Capítulo 313 – Nada casual

Los ojos de Naomi se abrieron de par en par y tragó saliva, con los labios ligeramente entreabiertos. Lux no estaba seguro de si se estaba imaginando un palacio de fuego infernal y obsidiana… o solo el tamaño de su cama en dicho palacio. Pero era muy consciente del aumento de la temperatura en el aire.

Aun así, antes de que ese momento pudiera convertirse en algo totalmente inapropiado para la fiesta de inauguración, el sonido de unos tacones resonó desde el pasillo a una velocidad impropia de un mortal.

Rava.

Dobló la esquina como un borrón de color verde espuma de mar y travesura centelleante, con su cabello de puntas de tentáculos rebotando a cada paso. Su sonrisa podría haberle dado energía a un pequeño reino.

—¡Lux! —radió—. ¿Qué tal me veo?

Giró sobre un tacón, y el bajo de su vestido veraniego de satén se abrió peligrosamente alto para un «evento mortal casual». Tirantes finos. Hombros descubiertos.
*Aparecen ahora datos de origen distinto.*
(* For every prime $p$ there exists a linear $(p-2,p,p)$-AONT over $\mathbb{F}_p$, i.e. an invertible $p\times p$ matrix over $\mathbb{F}_p$ all of whose $(p-2)\times(p-2)$ submatrices are invertible.
   Context: A linear $(t,s,q)$-AONT over $\mathbb{F}_q$ is given by an invertible $s\times s$ matrix $M$ over $\mathbb{F}_q$ (transform $(y_1,\dots,y_s)=(x_1,\dots,x_s)M^{-1}$); $M$ defines a linear $(t,s,q)$-AONT iff every $t\times t$ submatrix of $M$ is invertible (a $0\times 0$ submatrix counts as invertible). *)

From HB Require Import structures.
From mathcomp Require Import all_boot all_order all_algebra all_fingroup.
Set Implicit Arguments. Unset Strict Implicit. Unset Printing Implicit Defensive.
Import GRing.Theory.
Local Open Scope ring_scope.

Definition submx_sets (F : fieldType) (s t : nat) (M : 'M[F]_s)
  (R C : {set 'I_s}) (hR : #|R| = t) (hC : #|C| = t) : 'M[F]_t :=
  \matrix_(i < t, j < t)
    M (enum_val (cast_ord (esym hR) i)) (enum_val (cast_ord (esym hC) j)).

Definition linear_AONT (F : fieldType) (t s : nat) (M : 'M[F]_s) : Prop :=
  M \in unitmx /\
  forall (R C : {set 'I_s}) (hR : #|R| = t) (hC : #|C| = t),
    submx_sets M hR hC \in unitmx.

(* If M N = 1 and the (s-2)-submatrix of M on rows R and columns C is singular,
   a nonzero u supported on R with u M vanishing on C exists; then w := u M is
   supported on the two columns outside C while w N = u vanishes on the two rows
   outside R, so the corresponding 2x2 minor of N is zero.  It thus suffices to
   find an invertible N over F_p with no vanishing 2x2 minor.  We take the
   Cauchy matrix N(a,b) = 1/(a-b) (b <> 0) bordered by the column N(a,0) = [a <> 0].
   If u N = 0, then P = sum_a u_a (1 - (X-a)^(p-1)) interpolates u and has size
   at most p, while by Fermat P' = sum_a u_a (X-a)^(p-2) vanishes at the p-1
   points b <> 0; so P' = 0, P and u are constant, and the border column forces
   the constant to be 0.  For p = 2 all minors are 0x0. *)

From HB Require Import structures.
From mathcomp Require Import all_boot all_order all_algebra all_fingroup all_field.
From mathcomp Require Import ring.
Set Implicit Arguments. Unset Strict Implicit. Unset Printing Implicit Defensive.
Import GRing.Theory.
Local Open Scope ring_scope.

Section ComplementaryMinors.

Variable F : fieldType.

Lemma submx_setsE s t (M : 'M[F]_s) (R C : {set 'I_s}) (hR : #|R| = t) (hC : #|C| = t) :
  submx_sets M hR hC
  = mxsub (enum_val \o cast_ord (esym hR)) (enum_val \o cast_ord (esym hC)) M.
Proof. by []. Qed.

Lemma mxsub_singular_row m n t (f : 'I_t -> 'I_m) (g : 'I_t -> 'I_n)
    (M : 'M[F]_(m, n)) :
  injective f -> mxsub f g M \notin unitmx ->
  exists u : 'rV[F]_m, [/\ u != 0, forall k, k \notin codom f -> u 0 k = 0
                        & forall j, (u *m M) 0 (g j) = 0].
Proof.
move=> f_inj; rewrite unitmxE unitfE negbK => /det0P [v v_neq0 vMfg].
pose E : 'M[F]_(t, m) := rowsub f 1%:M.
have EEt : E *m E^T = 1%:M.
  apply/matrixP => i j; rewrite !mxE.
  under eq_bigr do rewrite !mxE.
  rewrite (bigD1 (f j)) //= big1 ?addr0 => [|k kfj]; last first.
    by rewrite eq_sym in kfj; rewrite (negbTE kfj) mulr0.
  by rewrite eqxx mulr1 (inj_eq f_inj).
exists (v *m E); split.
- by apply: contra_neq v_neq0 => vE0; rewrite -[v]mulmx1 -EEt mulmxA vE0 mul0mx.
- move=> k kf; rewrite mxE big1 // => i _; rewrite !mxE.
  by case: eqP kf => [<-|_]; rewrite ?codom_f ?mulr0.
- move=> j; rewrite -mulmxA -rowsubE.
  have := congr1 (fun w : 'rV[F]_t => w 0 j) vMfg.
  by rewrite mxsubcr mulmx_colsub !mxE.
Qed.

Lemma cramer2_eq0 (a b x11 x12 x21 x22 : F) : x11 * x22 != x12 * x21 ->
  a * x11 + b * x21 = 0 -> a * x12 + b * x22 = 0 -> a = 0 /\ b = 0.
Proof.
rewrite -subr_eq0 => det_neq0 e1 e2; split; apply: (mulIf det_neq0); rewrite mul0r.
- transitivity (x22 * (a * x11 + b * x21) - x21 * (a * x12 + b * x22)); first by ring.
  by rewrite e1 e2 !mulr0 subr0.
- transitivity (x11 * (a * x12 + b * x22) - x12 * (a * x11 + b * x21)); first by ring.
  by rewrite e1 e2 !mulr0 subr0.
Qed.

Lemma row_supp2_eq0 s (N : 'M[F]_s) (l1 l2 k1 k2 : 'I_s) (w : 'rV[F]_s) :
  N l1 k1 * N l2 k2 != N l1 k2 * N l2 k1 ->
  (forall l, l != l1 -> l != l2 -> w 0 l = 0) ->
  (w *m N) 0 k1 = 0 -> (w *m N) 0 k2 = 0 -> w = 0.
Proof.
move=> minor_neq0 w_supp.
have l12 : l1 != l2 by apply: contraNneq minor_neq0 => <-; rewrite mulrC.
have wNE k : (w *m N) 0 k = w 0 l1 * N l1 k + w 0 l2 * N l2 k.
  rewrite mxE (bigD1 l1) // (bigD1 l2) 1?eq_sym //= big1 ?addr0 // => l /andP [ll2 ll1].
  by rewrite w_supp ?mul0r.
rewrite !wNE => e1 e2; have [w1 w2] := cramer2_eq0 minor_neq0 e1 e2.
apply/rowP => l; rewrite mxE.
have [->|ll1] := eqVneq l l1; first by [].
by have [->|ll2] := eqVneq l l2; last exact: w_supp.
Qed.

Lemma codom_compl2 s t (f : 'I_t -> 'I_s) : injective f -> (t + 2 = s)%N ->
  exists l1 l2 : 'I_s, l1 != l2 /\ forall l, (l \in codom f) = (l != l1) && (l != l2).
Proof.
move=> f_inj ts.
have : #|~: [set l in codom f]| == 2.
  have := cardsC [set l in codom f].
  by rewrite cardsE card_codom // !card_ord -[in RHS]ts => /addnI ->.
case/cards2P => l1 [l2 [l12 compl_f]]; exists l1, l2; split => // l.
have := congr1 (fun A : {set 'I_s} => l \in A) compl_f; rewrite !inE => /negbRL ->.
by rewrite negb_or.
Qed.

Lemma complementary_minor_unitmx s t (f g : 'I_t -> 'I_s) (M N : 'M[F]_s) :
  injective f -> injective g -> (t + 2 = s)%N -> M *m N = 1%:M ->
  (forall l1 l2 k1 k2, l1 != l2 -> k1 != k2 ->
     N l1 k1 * N l2 k2 != N l1 k2 * N l2 k1) ->
  mxsub f g M \in unitmx.
Proof.
move=> f_inj g_inj ts MN N_minors.
apply: contraT => /(mxsub_singular_row f_inj) [u [u_neq0 u_supp uMg]].
have [l1 [l2 [l12 codom_g]]] := codom_compl2 g_inj ts.
have [k1 [k2 [k12 codom_f]]] := codom_compl2 f_inj ts.
have uMN : u *m M *m N = u by rewrite -mulmxA MN mulmx1.
have uM0 : u *m M = 0.
  apply: (row_supp2_eq0 (N_minors l1 l2 k1 k2 l12 k12)).
  - move=> l ll1 ll2; have /codomP [j ->] : l \in codom g by rewrite codom_g ll1 ll2.
    exact: uMg.
  - by rewrite uMN u_supp // codom_f eqxx.
  - by rewrite uMN u_supp // codom_f eqxx andbF.
by move: u_neq0; rewrite -uMN uM0 mul0mx eqxx.
Qed.

End ComplementaryMinors.

Section CauchyEntries.

Variable F : fieldType.

(* For y <> 0 the entry at x = y is the junk value 0^-1 = 0. *)
Definition cauchy_entry (x y : F) : F :=
  if y == 0 then (x != 0)%:R else (x - y)^-1.

Lemma cauchy_minor2_neq (x1 x2 y1 y2 : F) : x1 != x2 -> y1 != y2 ->
  (x1 - y1)^-1 * (x2 - y2)^-1 != (x1 - y2)^-1 * (x2 - y1)^-1.
Proof.
move=> x12 y12.
have invB_neq0 (a b : F) : a != b -> (a - b)^-1 != 0 by rewrite invr_eq0 subr_eq0.
have [e | x1y1] := eqVneq x1 y1; first subst.
  by rewrite subrr invr0 mul0r eq_sym mulf_neq0 ?invB_neq0 // eq_sym.
have [e | x2y2] := eqVneq x2 y2; first subst.
  by rewrite subrr invr0 mulr0 eq_sym mulf_neq0 ?invB_neq0 // eq_sym.
have [e | x1y2] := eqVneq x1 y2; first subst.
  by rewrite subrr invr0 mul0r mulf_neq0 ?invB_neq0 // eq_sym.
have [e | x2y1] := eqVneq x2 y1; first subst.
  by rewrite subrr invr0 mulr0 mulf_neq0 ?invB_neq0 // eq_sym.
rewrite -!invfM (inj_eq invr_inj) -subr_eq0.
have -> : (x1 - y1) * (x2 - y2) - (x1 - y2) * (x2 - y1) = (x1 - x2) * (y1 - y2) by ring.
by rewrite mulf_neq0 // subr_eq0.
Qed.

Lemma cauchy_border_minor2_neq (x1 x2 y : F) : x1 != x2 -> y != 0 ->
  (x1 != 0)%:R * (x2 - y)^-1 != (x1 - y)^-1 * (x2 != 0)%:R.
Proof.
move=> + y_neq0; rewrite mulr_natl mulr_natr.
have [-> | x1_neq0] := eqVneq x1 0; have [-> | x2_neq0] := eqVneq x2 0 => //= x12.
- by rewrite mulr0n mulr1n eq_sym invr_eq0 sub0r oppr_eq0.
- by rewrite mulr0n mulr1n invr_eq0 sub0r oppr_eq0.
- by rewrite !mulr1n (inj_eq invr_inj) (inj_eq (addIr _)) eq_sym.
Qed.

Lemma cauchy_entry_minor2 (x1 x2 y1 y2 : F) : x1 != x2 -> y1 != y2 ->
  cauchy_entry x1 y1 * cauchy_entry x2 y2 != cauchy_entry x1 y2 * cauchy_entry x2 y1.
Proof.
rewrite /cauchy_entry => x12 y12.
have [y1_0 | y1_neq0] := eqVneq y1 0; have [y2_0 | y2_neq0] := eqVneq y2 0.
- by rewrite y1_0 y2_0 eqxx in y12.
- exact: cauchy_border_minor2_neq.
- by rewrite mulrC [X in _ != X]mulrC cauchy_border_minor2_neq // eq_sym.
- exact: cauchy_minor2_neq.
Qed.

End CauchyEntries.

Section PrimeField.

Variable p : nat.
Hypothesis p_pr : prime p.

Let p_gt0 : (0 < p)%N := prime_gt0 p_pr.
Let o : 'I_p := Ordinal p_gt0.

Definition Fp_of_ord (i : 'I_p) : 'F_p := i%:R.

Lemma Fp_of_ord_inj : injective Fp_of_ord.
Proof.
move=> i j; rewrite /Fp_of_ord => /(congr1 (@nat_of_ord _)).
by rewrite !val_Fp_nat // !modn_small // => /ord_inj.
Qed.

Lemma Fp_of_ord_eq0 i : (Fp_of_ord i == 0) = (i == o).
Proof. by rewrite -(inj_eq Fp_of_ord_inj). Qed.

Lemma Fp_natr_eq0 n : (n%:R == 0 :> 'F_p) = (p %| n)%N.
Proof. by rewrite (dvdn_pcharf (pchar_Fp p_pr)). Qed.

Lemma Fp_natr_pred : p.-1%:R = -1 :> 'F_p.
Proof.
by apply/eqP; rewrite -addr_eq0 natr1 prednK // Fp_natr_eq0.
Qed.

Lemma Fp_expr_pred (z : 'F_p) : z != 0 -> z ^+ p.-1 = 1.
Proof.
move=> z_neq0; apply: (mulfI z_neq0); rewrite mulr1 -exprS prednK //.
by have := expf_card z; rewrite card_Fp.
Qed.

Lemma Fp_invE (z : 'F_p) : (2 < p)%N -> z^-1 = z ^+ p.-2.
Proof.
move=> p_gt2; have [-> | z_neq0] := eqVneq z 0.
  by rewrite invr0 expr0n -subn2 subn_eq0 leqNgt p_gt2.
apply: (mulfI z_neq0); rewrite divff // -exprS.
by rewrite prednK ?Fp_expr_pred // -subn1 subn_gt0 prime_gt1.
Qed.

Definition delta_poly (c : 'F_p) : {poly 'F_p} := 1 - ('X - c%:P) ^+ p.-1.

Lemma horner_delta_poly c x : (delta_poly c).[x] = (x == c)%:R.
Proof.
rewrite !hornerE; have [-> | xc] := eqVneq x c.
  by rewrite subrr expr0n -subn1 subn_eq0 leqNgt prime_gt1 //= subr0.
by rewrite Fp_expr_pred ?subrr // subr_eq0.
Qed.

Lemma size_delta_poly c : (size (delta_poly c) <= p)%N.
Proof.
rewrite (leq_trans (size_polyD _ _)) // size_polyN size_exp_XsubC size_poly1.
by rewrite prednK // geq_max p_gt0 leqnn.
Qed.

Lemma horner_deriv_delta_poly c x : (2 < p)%N ->
  (delta_poly c)^`().[x] = (x - c)^-1.
Proof.
move=> p_gt2; rewrite derivB derivC deriv_exp derivXsubC mul1r sub0r.
rewrite hornerN hornerMn -mulr_natr Fp_natr_pred mulrN1 opprK.
by rewrite horner_exp hornerXsubC Fp_invE.
Qed.

Lemma deriv_eq0_polyC (P : {poly 'F_p}) :
  (size P <= p)%N -> P^`() = 0 -> P = (P`_0)%:P.
Proof.
move=> size_P P'0; apply/polyP => -[|i]; rewrite coefC //=.
have [ip | pi] := ltnP i.+1 p; last by rewrite nth_default // (leq_trans size_P).
have /eqP := congr1 (fun Q : {poly 'F_p} => Q`_i) P'0.
rewrite coef_deriv coef0 -mulr_natr mulf_eq0 Fp_natr_eq0 => /orP [/eqP //|].
by move=> /(dvdn_leq (ltn0Sn i)); rewrite leqNgt ip.
Qed.

Definition cauchy_mx : 'M['F_p]_p :=
  \matrix_(a, b) cauchy_entry (Fp_of_ord a) (Fp_of_ord b).

Lemma cauchy_mx_minor2 l1 l2 k1 k2 : l1 != l2 -> k1 != k2 ->
  cauchy_mx l1 k1 * cauchy_mx l2 k2 != cauchy_mx l1 k2 * cauchy_mx l2 k1.
Proof. by move=> l12 k12; rewrite !mxE cauchy_entry_minor2 ?(inj_eq Fp_of_ord_inj). Qed.

Lemma cauchy_mx_row_const (u : 'rV['F_p]_p) : (2 < p)%N ->
  (forall b, b != o -> (u *m cauchy_mx) 0 b = 0) -> exists c, u = const_mx c.
Proof.
move=> p_gt2 u_cols.
pose P := \sum_a u 0 a *: delta_poly (Fp_of_ord a).
have P_Fp c : P.[Fp_of_ord c] = u 0 c.
  rewrite horner_sum (bigD1 c) //= big1 => [|a ac].
    by rewrite hornerZ horner_delta_poly eqxx mulr1 addr0.
  by rewrite hornerZ horner_delta_poly (inj_eq Fp_of_ord_inj) eq_sym (negbTE ac) mulr0.
(* The columns b <> o of u *m cauchy_mx are the values of -P' at b. *)
have P'_Fp b : b != o -> P^`().[Fp_of_ord b] = 0.
  move=> bo; rewrite -oppr0 -(u_cols b bo) mxE -sumrN linear_sum horner_sum.
  apply: eq_bigr => a _; rewrite linearZ hornerZ horner_deriv_delta_poly // mxE.
  by rewrite /cauchy_entry Fp_of_ord_eq0 (negbTE bo) -mulrN -invrN opprB.
have size_P : (size P <= p)%N.
  apply: (leq_trans (size_sum _ _ _)); apply/bigmax_leqP => a _.
  exact: leq_trans (size_scale_leq _ _) (size_delta_poly _).
have P'0 : P^`() = 0.
  apply: (@roots_geq_poly_eq0 _ _ (image Fp_of_ord (predC1 o))).
  - by apply/allP => _ /imageP [b bo ->]; apply/eqP/P'_Fp.
  - by rewrite map_inj_uniq ?enum_uniq //; apply: Fp_of_ord_inj.
  - rewrite size_image cardC1 card_ord (leq_trans (size_poly _ _)) //.
    by rewrite -!subn1 leq_sub2r.
exists P`_0; apply/rowP => a.
by rewrite mxE -P_Fp {1}(deriv_eq0_polyC size_P P'0) hornerC.
Qed.

Lemma cauchy_mx_unit : (2 < p)%N -> cauchy_mx \in unitmx.
Proof.
move=> p_gt2; rewrite unitmxE unitfE; apply/negP => /det0P [u u_neq0 uN].
have u_cols b : (u *m cauchy_mx) 0 b = 0 by rewrite uN mxE.
have [c u_c] := cauchy_mx_row_const p_gt2 (fun b _ => u_cols b).
have N_col_o a : cauchy_mx a o = (a != o)%:R.
  by rewrite mxE /cauchy_entry !Fp_of_ord_eq0 eqxx.
have : (u *m cauchy_mx) 0 o = - c.
  rewrite mxE (bigD1 o) //= N_col_o eqxx mulr0 add0r.
  rewrite (eq_bigr (fun=> c)) => [|a ao]; last by rewrite N_col_o ao u_c mxE mulr1.
  by rewrite sumr_const cardC1 card_ord -mulr_natr Fp_natr_pred mulrN1.
rewrite u_cols => /eqP; rewrite eq_sym oppr_eq0 => /eqP c0.
by move: u_neq0; rewrite u_c c0 eqxx.
Qed.

End PrimeField.

Theorem corollary2p26 (p : nat) (hp : prime p) :
  exists M : 'M['F_p]_p, linear_AONT (p - 2) M.
Proof.
have [p_gt2 | p_le2] := ltnP 2 p; last first.
  exists 1%:M; split=> [|R C hR hC]; first exact: unitmx1.
  move: (submx_sets _ hR hC); have : (p - 2 = 0)%N by apply/eqP; rewrite subn_eq0.
  by move: (p - 2)%N => t -> A; rewrite unitmxE det_mx00 unitr1.
have N_unit := cauchy_mx_unit hp p_gt2.
exists (invmx (cauchy_mx p)); split=> [|R C hR hC]; first by rewrite unitmx_inv.
rewrite submx_setsE.
apply: (complementary_minor_unitmx _ _ _ (mulVmx N_unit) (cauchy_mx_minor2 hp)).
- exact: inj_comp enum_val_inj (@cast_ord_inj _ _ _).
- exact: inj_comp enum_val_inj (@cast_ord_inj _ _ _).
- by rewrite subnK // ltnW.
Qed.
Una abertura de buen gusto, pero agresivamente coqueta, que le subía por el muslo como el precio de una acción tras una manipulación del mercado.

Lux parpadeó.

Luego se atragantó un poco.

—…Fabulosa —consiguió decir, con la voz media octava más grave de lo normal.

[Tus feromonas de íncubo han aumentado un 21 %].

«¡Maldita sea! ¡Deja de subir!», pensó.

[Es tu mente, señor. No yo].

«Sí… ese es el problema».

Porque todos los vestidos parecían casuales.

Se suponía que el ambiente debía ser casual.

Las bebidas, la iluminación, la suave música que sonaba en bucle… todo era casual.

¿Pero la mente de Lux?

No era nada casual.

Su cerebro estaba disparando escenarios como un algoritmo de fantasías eróticas defectuoso. Del tipo que venía con subtítulos internos como «duración estimada: 3,4 horas, posiciones rotadas: 9, bonificaciones de máxima satisfacción desbloqueadas».

Se aclaró la garganta, obligándose a enderezarse. Modo caballero, activado.

La sonrisa de Rava se desvaneció un poco cuando se acercó. —¿Qué ha pasado? —preguntó, alzando la mano y posando su fresca palma en la mejilla de él—. Te ves… raro.

Lux sonrió. Fue una sonrisa decididamente forzada. —Eh… estoy bien.

No lo estaba.

No cuando su cerebro intentaba calcular el ROI de ponérsela sobre la mesa de los canapés antes de que llegaran los invitados.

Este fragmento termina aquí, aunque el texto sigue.